I cradled the receiver on my shoulder, thumbed down the button on the phone with one hand and fumbled through the phone book with the other, trying to locate the college’s number. I found it and dialed. I got Jack and filled him in on my library session.

“You aren’t thinking about trying to run down Washington’s sister Rita tonight, are you?” Jack asked.

“I was thinking about it, yeah.”

“I wouldn’t.”

“Why? I’m a big boy now.”

“Not that big. With Thanksgiving tomorrow, the bars’ll be extra busy tonight. You know how it is night before a holiday. It might get a little rough if you go sailing in a black bar with that shinin’ white kisser of yours.”

“Ah, hell with that, Jack. I got to do something, and soon. I hate this sitting on the thing like this. I want to move on it, and I got nowhere else to go with it, except the Quad Cities and Washington’s sister, Rita.”
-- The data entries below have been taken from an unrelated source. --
Lemma zero_sum_edge_values (y : 'I_3 -> int) : y i0 + y i1 + y i2 = 0 ->
  exists u1 u2, forall i, y i = lin u1 u2 (s3 (s3 i)) - lin u1 u2 (s3 i).
Proof.
move=> sum_y0.
pose z i := if i == i0 then 0 else if i == i1 then y i2 else - y i1.
have [u1 [u2 [c z_lin]]] := affine_on_vertices z.
exists u1, u2 => i.
have -> : lin u1 u2 (s3 (s3 i)) - lin u1 u2 (s3 i) = z (s3 (s3 i)) - z (s3 i).
  by rewrite !z_lin; ring.
by case: (ord3P i) => [->|[->|->]]; rewrite /z !ord3E; lia.
Qed.

End UnimodularTriangle.

Arguments affine_on_vertices {X Y}.
Arguments lin_const_eq0 {X Y}.
Arguments zero_sum_edge_values {X Y}.

Section PlaneTriangles.
Context {R : realType}.
Implicit Types (p q : 'I_3 -> R * R) (u : R * R) (f : 'I_3 -> R).

Definition cross p : R :=
  ((p i1).1 - (p i0).1) * ((p i2).2 - (p i0).2)
  - ((p i1).2 - (p i0).2) * ((p i2).1 - (p i0).1).

Lemma homogE p i :
  [/\ homog p i i0 = (p i).1, homog p i i1 = (p i).2 & homog p i i2 = 1].
Proof. by rewrite !mxE /= ?inordK. Qed.

Lemma det_homog p : \det (homog p) = cross p.
Proof.
rewrite det_mx33 /cross.
have [a0 b0 c0] := homogE p i0; have [a1 b1 c1] := homogE p i1.
have [a2 b2 c2] := homogE p i2.
rewrite a0 b0 c0 a1 b1 c1 a2 b2 c2; ring.
Qed.

Definition min3 f : R := Num.min (f i0) (Num.min (f i1) (f i2)).

Lemma le_max3 f i : f i <= max3 f.
Proof. by case: (ord3P i) => [->|[->|->]]; rewrite /max3 !le_max lexx ?orbT. Qed.

Lemma max3_le f c : (forall i, f i <= c) -> max3 f <= c.
Proof. by move=> le_fc; rewrite /max3 !ge_max !le_fc. Qed.

Lemma min3_le f i : min3 f <= f i.
Proof. by case: (ord3P i) => [->|[->|->]]; rewrite /min3 !ge_min lexx ?orbT. Qed.

Lemma le_min3 f c : (forall i, c <= f i) -> c <= min3 f.
Proof. by move=> le_cf; rewrite /min3 !le_min !le_cf. Qed.

Lemma max3_mem f : exists i, max3 f = f i.
Proof.
by rewrite /max3 !maxElt; repeat case: ifP => _; eexists.
Qed.

Lemma min3_mem f : exists i, min3 f = f i.
Proof.
by rewrite /min3 !minElt; repeat case: ifP => _; eexists.
Qed.

Definition spread f : R := max3 (fun i => `|f (s3 i) - f i|).

Lemma spread_shift f c : spread (fun i => f i + c) = spread f.
Proof. by congr max3; apply: funext => i; rewrite opprD addrACA subrr addr0. Qed.

Lemma dist_le_spread f i j : `|f i - f j| <= spread f.
Proof.
have le_edge k : `|f (s3 k) - f k| <= spread f by apply: (le_max3 (fun k => _)).
have e0 := le_edge i0; have e1 := le_edge i1; have e2 := le_edge i2.
rewrite !ord3E in e0 e1 e2.
have spread_ge0 : 0 <= spread f := le_trans (normr_ge0 _) e0.
by case: (ord3P i) => [->|[->|->]]; case: (ord3P j) => [->|[->|->]];
  rewrite ?subrr ?normr0 // distrC.
Qed.

Lemma spread_max3_min3 f : spread f = max3 f - min3 f.
Proof.
apply/eqP; rewrite eq_le; apply/andP; split.
  apply: max3_le => i; rewrite ler_norml.
  have := le_max3 f i; have := min3_le f i.
  have := le_max3 f (s3 i); have := min3_le f (s3 i); lra.
have [i ->] := max3_mem f; have [j ->] := min3_mem f.
exact: le_trans (ler_norm _) (dist_le_spread f i j).
Qed.

Lemma is_min_inf {S : set R} {m} : is_min S m -> inf S = m.
Proof.
move=> [Sm le_mS]; apply/eqP; rewrite eq_le; apply/andP; split.
  by apply: ge_inf => //; exists m.
by apply: lb_le_inf => //; exists m.
Qed.

Lemma conv3_vertex q k : conv3 q (q k).
Proof.
exists (fun i => (i == k)%:R); split; [by move=> i; case: (_ == _)|split].
  by rewrite sum_ord3; case: (ord3P k) => [->|[->|->]]; rewrite !ord3E /=; ring.
rewrite !sum_ord3; case: (ord3P k) => [->|[->|->]]; rewrite !ord3E /=.
all: by rewrite !mul1r !mul0r ?addr0 ?add0r; case: (q _).
Qed.

Lemma conv3_dot_between q u x m M : conv3 q x ->
  (forall i, m <= dot u (q i) <= M) -> m <= dot u x <= M.
Proof.
move=> [a [a_ge0 [sum_a ->]]] bnd.
have -> : dot u (\sum_(i < 3) a i * (q i).1, \sum_(i < 3) a i * (q i).2) =
  a i0 * dot u (q i0) + a i1 * dot u (q i1) + a i2 * dot u (q i2).
  by rewrite /dot !sum_ord3 /=; ring.
move: sum_a; rewrite sum_ord3 => sum_a.
have := a_ge0 i0; have := a_ge0 i1; have := a_ge0 i2.
have /andP[? ?] := bnd i0; have /andP[? ?] := bnd i1; have /andP[? ?] := bnd i2.
move=> *; apply/andP; split; nra.
Qed.

Lemma width_conv3 q u : width (conv3 q) u = spread (fun i => dot u (q i)).
Proof.
set f := fun i => dot u (q i); set E := [set dot u x | x in conv3 q].
have Ef i : E (f i) by exists (q i); first exact: conv3_vertex.
have E_between e : E e -> min3 f <= e <= max3 f.
  by move=> [x qx <-]; apply: conv3_dot_between qx _ => i;
     rewrite min3_le le_max3.
have supE : sup E = max3 f.
  apply/eqP; rewrite eq_le; apply/andP; split.
    by apply: ge_sup; [exists (f i0) | move=> e /E_between /andP[]].
  have supE : has_sup E by split; [exists (f i0) | exists (max3 f) => e /E_between /andP[]].
  by apply: max3_le => i; apply: sup_upper_bound.
have infE : inf E = min3 f.
  apply/eqP; rewrite eq_le; apply/andP; split; last first.
    by apply: lb_le_inf; [exists (f i0) | move=> e /E_between /andP[]].
  have infE : has_lbound E by exists (min3 f) => e /E_between /andP[].
  by apply: le_min3 => i; apply: ge_inf.
by rewrite /width -/E supE infE spread_max3_min3.
Qed.

Definition aff_col u (c : R) : 'cV[R]_3 :=
  \col_(j < 3) (if (j : nat) == 0%N then u.1 else if (j : nat) == 1%N then u.2 else c).

Lemma homog_aff_col p u c i : (homog p *m aff_col u c) i 0 = dot u (p i) + c.
Proof.
rewrite mxE sum_ord3; have [-> -> ->] := homogE p i.
by rewrite !mxE ?inordK //= /dot; ring.
Qed.

Lemma Dmat_mul (w : 'cV[R]_3) i : (Dmat *m w) i 0 = w (s3 i) 0 - w i 0.
Proof.
rewrite mxE sum_ord3 !mxE.
by case: (ord3P i) => [->|[->|->]]; rewrite !ord3E /=; ring.
Qed.

Lemma norminf_Dmat (w : 'cV[R]_3) : norminf (Dmat *m w) = spread (fun i => w i 0).
Proof. by rewrite /norminf /spread /max3 !Dmat_mul. Qed.

Lemma norminf_Dmat_homog q u c :
  norminf (Dmat *m (homog q *m aff_col u c)) = width (conv3 q) u.
Proof.
rewrite norminf_Dmat width_conv3 -[RHS](spread_shift _ c).
by congr spread; apply: funext => i; rewrite homog_aff_col.
Qed.

Definition zpt (a b : int) : R * R := (a%:~R, b%:~R).

Lemma dot_zpt a b x y : dot (zpt a b) (zpt x y) = (a * x + b * y)%:~R.
Proof. by rewrite /dot /= rmorphD !rmorphM. Qed.

Lemma zpt_eq0 a b : zpt a b = (0, 0) <-> (a, b) = (0, 0).
Proof.
rewrite /zpt; split=> [[/eqP a0 /eqP b0] | [-> ->]] //.
by move: a0 b0; rewrite !intr_eq0 => /eqP -> /eqP ->.
Qed.

Lemma int2_argmin (F : int -> int -> R) (P : int -> int -> bool) (K : nat) a0 b0 :
  P a0 b0 ->
  (forall a b, P a b -> F a b <= F a0 b0 -> (absz a <= K)%N /\ (absz b <= K)%N) ->
  exists a b, P a b /\ forall a' b', P a' b' -> F a b <= F a' b'.
Proof.
move=> P0 bnd.
pose enc (k : 'I_K.*2.+1 * 'I_K.*2.+1) : int * int := (k.1%:Z - K%:Z, k.2%:Z - K%:Z).
have enc_onto a b : P a b -> F a b <= F a0 b0 -> exists k, enc k = (a, b).
  move=> Pab /(bnd _ _ Pab) [le_aK le_bK].
  exists (inord (absz (a + K%:Z)), inord (absz (b + K%:Z))).
  by rewrite /enc /= !inordK; [congr (_, _); lia | lia | lia].
have [k0 enc_k0] := enc_onto _ _ P0 (lexx _).
pose Fk k := F (enc k).1 (enc k).2.
case: (@arg_minP _ _ _ k0 (fun k => P (enc k).1 (enc k).2) Fk).
  by rewrite enc_k0.
move=> k Pk k_min; exists (enc k).1, (enc k).2; split=> // a b Pab.
case: (leP (F a b) (F a0 b0)) => [le_ab | lt_ab].
  by have [k' enc_k'] := enc_onto _ _ Pab le_ab; have := k_min k'; rewrite /Fk enc_k'; apply.
by apply: le_trans (ltW lt_ab); have := k_min k0; rewrite /Fk enc_k0; apply.
Qed.

Definition edge_norm q : R :=
  `|(q i1).1 - (q i0).1| + `|(q i1).2 - (q i0).2|
  + `|(q i2).1 - (q i0).1| + `|(q i2).2 - (q i0).2|.

Lemma coord_le_spread q u (S := spread (fun i => dot u (q i))) :
  `|u.1| * `|cross q| <= edge_norm q * S /\ `|u.2| * `|cross q| <= edge_norm q * S.
Proof.
set e := (q i1).1 - (q i0).1; set f := (q i1).2 - (q i0).2.
set g := (q i2).1 - (q i0).1; set h := (q i2).2 - (q i0).2.
set t1 := dot u (q i1) - dot u (q i0); set t2 := dot u (q i0) - dot u (q i2).
have t1S : `|t1| <= S := dist_le_spread _ i1 i0.
have t2S : `|t2| <= S := dist_le_spread _ i0 i2.
(* Cramer's rule for the linear system [t1 = u.(q1 - q0), -t2 = u.(q2 - q0)] *)
rewrite -!normrM.
have -> : u.1 * cross q = h * t1 + f * t2 by rewrite /cross /t1 /t2 /dot /e /f /g /h; ring.
have -> : u.2 * cross q = - (e * t2 + g * t1) by rewrite /cross /t1 /t2 /dot /e /f /g /h; ring.
rewrite normrN /edge_norm -/e -/f -/g -/h.
have S_ge0 : 0 <= S := le_trans (normr_ge0 _) t1S.
have le_prod (a t : R) : `|t| <= S -> `|a| * `|t| <= `|a| * S by apply: ler_wpM2l.
have prod_ge0 (a : R) : 0 <= `|a| * S := mulr_ge0 (normr_ge0 a) S_ge0.
have := le_prod h _ t1S; have := le_prod f _ t2S.
have := le_prod e _ t2S; have := le_prod g _ t1S.
have := prod_ge0 e; have := prod_ge0 f; have := prod_ge0 g; have := prod_ge0 h.
move=> *; split; apply: le_trans (ler_normD _ _) _; rewrite !normrM mulrDl; lra.
Qed.

Lemma absz_le_floor (a : int) (C : R) :
  `|a%:~R| <= C -> (absz a <= absz (Num.floor C))%N.
Proof.
rewrite -intr_norm -floor_ge_int => le_aC.
by rewrite -lez_nat abszE (le_trans le_aC) // ler_norm.
Qed.

Lemma lattice_width_attained q : cross q != 0 ->
  exists a b, (a, b) != (0, 0) /\ forall a' b', (a', b') != (0, 0) ->
    spread (fun i => dot (zpt a b) (q i)) <= spread (fun i => dot (zpt a' b') (q i)).
Proof.
move=> q_nondeg; have cross_gt0 : 0 < `|cross q| by rewrite normr_gt0.
pose F a b := spread (fun i => dot (zpt a b) (q i)).
pose C := edge_norm q * F 1 0 / `|cross q|.
apply: (@int2_argmin F (fun a b => (a, b) != (0, 0)) (absz (Num.floor C)) 1 0) => //.
move=> a b _ le_F; have [le_a le_b] := coord_le_spread q (zpt a b).
have le_C (x : R) : `|x| * `|cross q| <= edge_norm q * F a b -> `|x| <= C.
  move=> le_x; rewrite /C ler_pdivlMr //; apply: le_trans le_x _.
  by apply: ler_wpM2l => //; rewrite /edge_norm !addr_ge0.
by split; apply: absz_le_floor; apply: le_C.
Qed.

Definition lattice_widths (K : set (R * R)) : set R :=
  [set width K u | u in [set u | Z2 u /\ u <> (0, 0)]].

Lemma lw_conv3_is_min q : cross q != 0 ->
  is_min (lattice_widths (conv3 q)) (lw (conv3 q)).
Proof.
move=> /lattice_width_attained [a [b [ab_neq0 ab_min]]].
suff min_ab : is_min (lattice_widths (conv3 q)) (width (conv3 q) (zpt a b)).
  by rewrite /lw (is_min_inf min_ab).
split.
  by exists (zpt a b) => //; split; [exists a, b | move/zpt_eq0/eqP; apply/negP].
move=> _ [_ [[a' [b' ->]] /zpt_eq0 /eqP ab'_neq0] <-].
by rewrite !width_conv3; apply: ab_min.
Qed.

Lemma cross_zpt (X Y : 'I_3 -> int) : cross (fun i => zpt (X i) (Y i)) = (idet X Y)%:~R.
Proof. by rewrite /cross /idet /= !(rmorphB, rmorphM). Qed.

Lemma zcol_lin (X Y : 'I_3 -> int) (a b c : int) :
  zcol (fun i => lin X Y a b i + c)
  = homog (fun i => zpt (X i) (Y i)) *m aff_col (zpt a b) c%:~R.
Proof. by apply/matrixP => i j; rewrite ord1 homog_aff_col dot_zpt mxE rmorphD. Qed.

Definition bary p (al be : R) : R * R :=
  ((p i0).1 + al * ((p i1).1 - (p i0).1) + be * ((p i2).1 - (p i0).1),
   (p i0).2 + al * ((p i1).2 - (p i0).2) + be * ((p i2).2 - (p i0).2)).

Lemma bary_inj {p al be al' be'} : cross p != 0 ->
  bary p al be = bary p al' be' -> al = al' /\ be = be'.
Proof.
move=> nondeg eq_bary.
have eq0 (v : R) : v * cross p = 0 -> v = 0.
  by move/eqP; rewrite mulf_eq0 (negbTE nondeg) orbF => /eqP.
set d1 := (bary p al be).1 - (bary p al' be').1.
set d2 := (bary p al be).2 - (bary p al' be').2.
have d0 : d1 = 0 /\ d2 = 0 by rewrite /d1 /d2 eq_bary !subrr.
split; apply/eqP; rewrite -subr_eq0; apply/eqP/eq0.
  have -> : (al - al') * cross p = ((p i2).2 - (p i0).2) * d1 - ((p i2).1 - (p i0).1) * d2.
    by rewrite /d1 /d2 /bary /cross /=; ring.
  by case: d0 => -> ->; ring.
have -> : (be - be') * cross p = ((p i1).1 - (p i0).1) * d2 - ((p i1).2 - (p i0).2) * d1.
  by rewrite /d1 /d2 /bary /cross /=; ring.
by case: d0 => -> ->; ring.
Qed.

Lemma conv3_bary p al be :
  0 <= al -> 0 <= be -> al + be <= 1 -> conv3 p (bary p al be).
Proof.
move=> al_ge0 be_ge0 le1.
exists (fun i => if i == i0 then 1 - al - be else if i == i1 then al else be).
split; first by move=> i; case: (ord3P i) => [->|[->|->]]; rewrite !ord3E //; lra.
by rewrite !sum_ord3 !ord3E; split; [ring | apply: injective_projections => /=; ring].
Qed.

Lemma vertex_bary p i : p i = bary p (i == i1)%:R (i == i2)%:R.
Proof.
by case: (ord3P i) => [->|[->|->]]; rewrite !ord3E /bary;
  apply: injective_projections => /=; ring.
Qed.

Section EmptyLatticeTriangle.
Context {X Y : 'I_3 -> int}.
Local Notation p := (fun i => zpt (X i) (Y i)).
Hypothesis p_empty : forall x, Z2 x -> conv3 p x -> exists i, x = p i.
Hypothesis p_nondeg : cross p != 0.

Lemma Z2_bary_shift {al be} (k l : int) :
  Z2 (bary p al be) -> Z2 (bary p (al - k%:~R) (be - l%:~R)).
Proof.
move=> [s [t [es et]]].
exists (s - k * (X i1 - X i0) - l * (X i2 - X i0)), (t - k * (Y i1 - Y i0) - l * (Y i2 - Y i0)).
rewrite /bary /= in es et *; apply: injective_projections => /=;
  rewrite !(intrB, intrM) -?es -?et; ring.
Qed.

Lemma Z2_bary_reflect {al be} : Z2 (bary p al be) -> Z2 (bary p (1 - al) (1 - be)).
Proof.
move=> [s [t [es et]]]; exists (X i1 + X i2 - s), (Y i1 + Y i2 - t).
rewrite /bary /= in es et *; apply: injective_projections => /=;
  rewrite !(intrB, intrD) -?es -?et; ring.
Qed.

Lemma empty_bary_01 {al be} : Z2 (bary p al be) ->
  0 <= al -> 0 <= be -> al + be <= 1 -> (al = 0 \/ al = 1) /\ (be = 0 \/ be = 1).
Proof.
move=> /p_empty Z_ab al_ge0 be_ge0 le1.
have [i eq_i] := Z_ab (conv3_bary _ _ _ al_ge0 be_ge0 le1).
have [-> ->] := bary_inj p_nondeg (etrans eq_i (vertex_bary p i)).
by split; case: (_ == _); [right | left | right | left].
Qed.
“Why don’t you just relax tonight-get your head together, son. Tell you what, I’ll do some checking tonight and see what I can find out about old Eyewash and his sister.”

“You don’t have to do that, Jack.”

“I insist.”

“But…”

“Look, it’s a terrific excuse for me to go bar crawlin’, son. I’m due.”

“Well, thanks. I’ll check back with you tomorrow morning.”

“Late morning. Gimme a break. Hey, what’d you turn up on Stefan Norman?”

“Who?”

“Stefan Norman. Did you try to contact him or anything?”

“I never even heard of him. Which Norman is he?

“He’s the nephew of the old man. Norman’s late brother’s boy.”

“How does he fit into the Norman empire, Jack?”

“Well, the Norman empire, if there is one, appears to operate on a hereditary basis, only the ruling class has just about died out. You probably found out this afternoon that Norman’s wife died of cancer back in the forties, and son Richard’s dead, of course… and Richard was Norman’s only child. Norman has no brothers or sisters living-only had the one brother, and his only child was Stefan. Who is heir to the Norman empire, such as it is.”

“What role does this Stefan play in Norman’s life, as of now?”

“He’s in charge of something called the Norman Fund, has been ever since Richard died. Of course, he was pretty much in charge before that, too, since Richard was only a figurehead ‘chairman’ for the Fund; he had his political career, and his law practice as well.”